[Saved data entries]
(* Fix $\hat P_0\in\mathbb S^n_+$. Let $\mathcal C(\hat P_0)$ be the set of all matrices $\hat P_i$, $i\in\mathbb Z_+$, generated by the inexact value iteration $\hat P_{i+1}=\mathcal R(\hat P_i,S)+\Delta_i$ started from $\hat P_0$, over all disturbance sequences $\{\Delta_i\}_{i\ge0}\subset\mathbb S^n$ with $\sup_{i}\|\Delta_i\|_2<\lambda_{\min}(S)$. Then the closure $\overline{\mathcal C(\hat P_0)}$ is compact.
   Context: Let $n,m\ge 1$, $A\in\mathbb R^{n\times n}$, $B\in\mathbb R^{n\times m}$, $S\in\mathbb S^n_{++}$, $R\in\mathbb S^m_{++}$, with $(A,B)$ stabilizable. Here $\mathbb S^n$, $\mathbb S^n_+$, $\mathbb S^n_{++}$ denote the real symmetric, symmetric positive semidefinite, and symmetric positive definite $n\times n$ matrices; $\|\cdot\|_2$ is the spectral norm; $\lambda_{\min}$ is the smallest eigenvalue. For $P\in\mathbb S^n_+$ and $S'\in\mathbb S^n$, the Riccati operator is $\mathcal R(P,S')=A^\top PA-A^\top PB(R+B^\top PB)^{-1}B^\top PA+S'$. *)

From HB Require Import structures.
From mathcomp Require Import all_boot all_order all_algebra.
From mathcomp Require Import all_classical all_reals all_analysis.
From mathcomp Require Import complex.
Set Implicit Arguments. Unset Strict Implicit. Unset Printing Implicit Defensive.
Import Order.TTheory GRing.Theory Num.Theory.
Import numFieldNormedType.Exports.
Local Open Scope ring_scope.
Local Open Scope classical_set_scope.

Section Defs.
Variable R : realType.

Definition symmetric n (P : 'M[R]_n) : Prop := P^T = P.
Definition psd n (P : 'M[R]_n) : Prop :=
  symmetric P /\ forall x : 'cV[R]_n, 0 <= (x^T *m P *m x) 0 0.
Definition pd n (P : 'M[R]_n) : Prop :=
  symmetric P /\ forall x : 'cV[R]_n, x != 0 -> 0 < (x^T *m P *m x) 0 0.

Definition spec_norm n (M : 'M[R]_n) : R :=
  sup [set Num.sqrt (((M *m x)^T *m (M *m x)) 0 0) |
        x in [set x : 'cV[R]_n | (x^T *m x) 0 0 = 1]].

Definition lambda_min n (M : 'M[R]_n) : R :=
  inf [set a : R | eigenvalue M a].

Definition schur_stable n (M : 'M[R]_n) : Prop :=
  forall z : R[i],
    root (map_poly (fun x : R => (x%:C)%C) (char_poly M)) z -> `|z| < 1.

Definition stabilizable n m (A : 'M[R]_n) (B : 'M[R]_(n, m)) : Prop :=
  exists K : 'M[R]_(m, n), schur_stable (A + B *m K).

Definition riccati n m (A : 'M[R]_n) (B : 'M[R]_(n, m)) (Rm : 'M[R]_m)
  (P S' : 'M[R]_n) : 'M[R]_n :=
  A^T *m P *m A
  - A^T *m P *m B *m invmx (Rm + B^T *m P *m B) *m B^T *m P *m A + S'.

Fixpoint inexact_vi n m (A : 'M[R]_n) (B : 'M[R]_(n, m)) (Rm : 'M[R]_m)
  (S P0 : 'M[R]_n) (Delta : nat -> 'M[R]_n) (i : nat) : 'M[R]_n :=
  match i with
  | 0 => P0
  | i'.+1 => riccati A B Rm (inexact_vi A B Rm S P0 Delta i') S + Delta i'
  end.

(* C(P0): all iterates over all admissible disturbance sequences;
   "sup_i ||Delta_i||_2 < lambda_min S" written as: some c < lambda_min S
   bounds every ||Delta_i||_2 *)
Definition reach_set n m (A : 'M[R]_n) (B : 'M[R]_(n, m)) (Rm : 'M[R]_m)
  (S P0 : 'M[R]_n) : set 'M[R]_n :=
  [set P | exists (Delta : nat -> 'M[R]_n) (i : nat),
     (forall k, symmetric (Delta k)) /\
     (exists c : R, c < lambda_min S /\ forall k, spec_norm (Delta k) <= c) /\
     P = inexact_vi A B Rm S P0 Delta i].

End Defs.

From Pilot Require Import Defs.
From HB Require Import structures.
From mathcomp Require Import all_boot all_order all_algebra.
From mathcomp Require Import all_classical all_reals all_analysis.
From mathcomp Require Import complex.
Import Order.TTheory GRing.Theory Num.Theory.
Import numFieldNormedType.Exports.
Local Open Scope ring_scope.
Local Open Scope classical_set_scope.

From mathcomp Require Import ring lra.
Set Implicit Arguments. Unset Strict Implicit. Unset Printing Implicit Defensive.

(* Every iterate is positive semidefinite: the Riccati map adds at least [S],
   and a disturbance of spectral norm below [lambda_min S] cannot undo that.
   Conversely, for a stabilizing gain [K] the Riccati map is dominated by the
   closed-loop Lyapunov map [P |-> N^T P N + K^T Rm K + S] with [N = A + B K],
   so [x^T P_i x] is bounded by quadratic forms along the trajectory [N^j x].
   As [N] is Schur stable, the entries of its powers are absolutely summable,
   which bounds the diagonals of all iterates uniformly in [i] and in the
   disturbances; positive semidefiniteness bounds the other entries, and a
   bounded set of matrices has compact closure. *)

Section QuadraticForm.
Variable R : comNzRingType.

Definition qform n (P : 'M[R]_n) (x : 'cV[R]_n) : R := (x^T *m P *m x) 0 0.

Definition dot n (x y : 'cV[R]_n) : R := (x^T *m y) 0 0.

Lemma dotE n (x y : 'cV[R]_n) : dot x y = \sum_i x i 0 * y i 0.
Proof. by rewrite /dot mxE; apply: eq_bigr => i _; rewrite mxE. Qed.

Lemma trmx11 (a : 'M[R]_1) : a^T = a.
Proof. by apply/matrixP => i j; rewrite !ord1 mxE. Qed.

Lemma dotC n (x y : 'cV[R]_n) : dot x y = dot y x.
Proof. by rewrite /dot -[x^T *m y]trmx11 trmx_mul trmxK. Qed.

Lemma bilin_sym n (P : 'M[R]_n) (u v : 'cV[R]_n) :
  P^T = P -> (u^T *m P *m v) 0 0 = (v^T *m P *m u) 0 0.
Proof.
by move=> sP; rewrite -[u^T *m P *m v]trmx11 !trmx_mul trmxK sP mulmxA.
Qed.

Lemma qformE n (P : 'M[R]_n) x :
  qform P x = \sum_a \sum_b x a 0 * P a b * x b 0.
Proof.
rewrite /qform mxE exchange_big /=; apply: eq_bigr => b _.
by rewrite mxE mulr_suml; apply: eq_bigr => a _; rewrite mxE.
Qed.

Lemma qform0 n (P : 'M[R]_n) : qform P 0 = 0.
Proof. by rewrite /qform mulmx0 mxE. Qed.

Lemma qformDl n (P Q : 'M[R]_n) x : qform (P + Q) x = qform P x + qform Q x.
Proof. by rewrite /qform mulmxDr mulmxDl mxE. Qed.

Lemma qformN n (P : 'M[R]_n) x : qform (- P) x = - qform P x.
Proof. by rewrite /qform mulmxN mulNmx mxE. Qed.

Lemma qformDr n (P : 'M[R]_n) (u v : 'cV[R]_n) :
  qform P (u + v) =
  qform P u + qform P v + (u^T *m P *m v) 0 0 + (v^T *m P *m u) 0 0.
Proof.
rewrite /qform [(u + v)^T]linearD /= !mulmxDl !mulmxDr !mxE; ring.
Qed.

Lemma qform_scalar n (a : R) (x : 'cV[R]_n) : qform a%:M x = a * dot x x.
Proof. by rewrite /qform /dot mul_mx_scalar -scalemxAl mxE. Qed.

Lemma qform_mulmx n m (P : 'M[R]_n) (B : 'M[R]_(n, m)) z :
  qform (B^T *m P *m B) z = qform P (B *m z).
Proof. by rewrite /qform trmx_mul !mulmxA. Qed.

Lemma bilin_delta n (P : 'M[R]_n) a b :
  ((delta_mx a 0 : 'cV[R]_n)^T *m P *m (delta_mx b 0 : 'cV[R]_n)) 0 0 = P a b.
Proof. by rewrite trmx_delta -rowE -colE !mxE. Qed.

Lemma qform_delta n (P : 'M[R]_n) a : qform P (delta_mx a 0) = P a a.
Proof. exact: bilin_delta. Qed.

End QuadraticForm.

Lemma qform_complete_square (R : comUnitRingType) n m (P : 'M[R]_n)
    (Rm : 'M[R]_m) (B : 'M[R]_(n, m)) (y : 'cV[R]_n) (v : 'cV[R]_m) :
  P^T = P -> Rm^T = Rm -> (Rm + B^T *m P *m B) \in unitmx ->
  let G := Rm + B^T *m P *m B in
  let w := B^T *m P *m y in
  qform P (y + B *m v) + qform Rm v =
  qform P y - (w^T *m invmx G *m w) 0 0 + qform G (v + invmx G *m w).
Proof.
move=> sP sR uG G w.
have sGi : (invmx G)^T = invmx G.
  by rewrite trmx_inv /G linearD /= !trmx_mul trmxK sP sR mulmxA.
have wv : (w^T *m v) 0 0 = (y^T *m P *m (B *m v)) 0 0.
  by rewrite /w !trmx_mul trmxK sP !mulmxA.
have GGi : qform G (invmx G *m w) = (w^T *m invmx G *m w) 0 0.
  by rewrite /qform trmx_mul sGi mulmxA mulmxK.
have vGiw : (v^T *m G *m (invmx G *m w)) = v^T *m w.
  by rewrite mulmxA mulmxK.
have wGiv : ((invmx G *m w)^T *m G *m v) = w^T *m v.
  by rewrite trmx_mul sGi mulmxKV.
rewrite !qformDr GGi vGiw wGiv /G qformDl qform_mulmx /qform.
rewrite -!/(dot _ _) [dot v w]dotC /dot wv (bilin_sym _ _ sP); ring.
Qed.

Lemma pd_qform_ge0 (R : realType) k (P : 'M[R]_k) :
  pd P -> forall z, 0 <= qform P z.
Proof.
move=> hP z; have [->|z0] := eqVneq z 0; first by rewrite qform0.
exact/ltW/hP.2.
Qed.

Lemma unitmx_of_qform_gt0 (R : numFieldType) k (G : 'M[R]_k) :
  (forall z, z != 0 -> 0 < qform G z) -> G \in unitmx.
Proof.
move=> hG; rewrite unitmxE unitfE; apply/negP => /det0P [u u0 uG].
have := hG u^T; rewrite trmx_eq0 => /(_ u0).
by rewrite /qform trmxK uG mul0mx mxE ltxx.
Qed.

Section Riccati.
Variables (R : realType) (n m : nat).
Variables (A : 'M[R]_n) (B : 'M[R]_(n, m)) (Rm : 'M[R]_m).

Lemma riccati_gain_unitmx (P : 'M[R]_n) :
  psd P -> pd Rm -> (Rm + B^T *m P *m B) \in unitmx.
Proof.
move=> hP hR; apply: unitmx_of_qform_gt0 => z z0.
rewrite qformDl qform_mulmx ltr_wpDr //; [exact: hP.2 | exact: hR.2].
Qed.

Lemma riccati_sym (P S : 'M[R]_n) :
  P^T = P -> S^T = S -> Rm^T = Rm -> (riccati A B Rm P S)^T = riccati A B Rm P S.
Proof.
move=> sP sS sR.
have sGi : (invmx (Rm + B^T *m P *m B))^T = invmx (Rm + B^T *m P *m B).
  by rewrite trmx_inv linearD /= !trmx_mul trmxK sP sR mulmxA.
by rewrite /riccati linearD linearB /= sS !trmx_mul !trmxK sP sGi !mulmxA.
Qed.

Lemma qform_riccati (P S : 'M[R]_n) x : P^T = P ->
  let w := B^T *m P *m (A *m x) in
  qform (riccati A B Rm P S) x =
  qform P (A *m x) - (w^T *m invmx (Rm + B^T *m P *m B) *m w) 0 0 + qform S x.
Proof.
move=> sP w; rewrite /riccati !qformDl qformN qform_mulmx.
by rewrite /qform /w !trmx_mul trmxK sP !mulmxA.
Qed.

Lemma riccati_ge (P S : 'M[R]_n) :
  psd P -> pd Rm -> forall x, qform S x <= qform (riccati A B Rm P S) x.
Proof.
move=> hP hR x; rewrite qform_riccati ?hP.1 //.
set w := B^T *m P *m (A *m x); set G := Rm + B^T *m P *m B.
have := qform_complete_square (A *m x) (- (invmx G *m w)) hP.1 hR.1
  (riccati_gain_unitmx hP hR) => /=.
rewrite -/w -/G addNr qform0 addr0 => <-.
by rewrite lerDr addr_ge0 //; [exact: hP.2 | exact: pd_qform_ge0].
Qed.

(* Any feedback [u = K x] is no better than the optimal one. *)
Lemma riccati_le_feedback (P S : 'M[R]_n) (K : 'M[R]_(m, n)) :
  psd P -> pd Rm -> forall x,
  qform (riccati A B Rm P S) x <=
  qform P ((A + B *m K) *m x) + qform Rm (K *m x) + qform S x.
Proof.
move=> hP hR x; rewrite qform_riccati ?hP.1 // mulmxDl -(mulmxA B K x).
have := qform_complete_square (A *m x) (K *m x) hP.1 hR.1
  (riccati_gain_unitmx hP hR) => /= ->.
rewrite lerD2r lerDl.
by rewrite qformDl qform_mulmx addr_ge0 //; [exact: pd_qform_ge0 | exact: hP.2].
Qed.

End Riccati.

Work to complete: Your answer should consist only of the lines above between the line holding "Section Riccati." and the line holding "move=> hP hR;", inclusive, each transcribed exactly.

Answer section:
Section Riccati.
Variables (R : realType) (n m : nat).
Variables (A : 'M[R]_n) (B : 'M[R]_(n, m)) (Rm : 'M[R]_m).

Lemma riccati_gain_unitmx (P : 'M[R]_n) :
  psd P -> pd Rm -> (Rm + B^T *m P *m B) \in unitmx.
Proof.
move=> hP hR; apply: unitmx_of_qform_gt0 => z z0.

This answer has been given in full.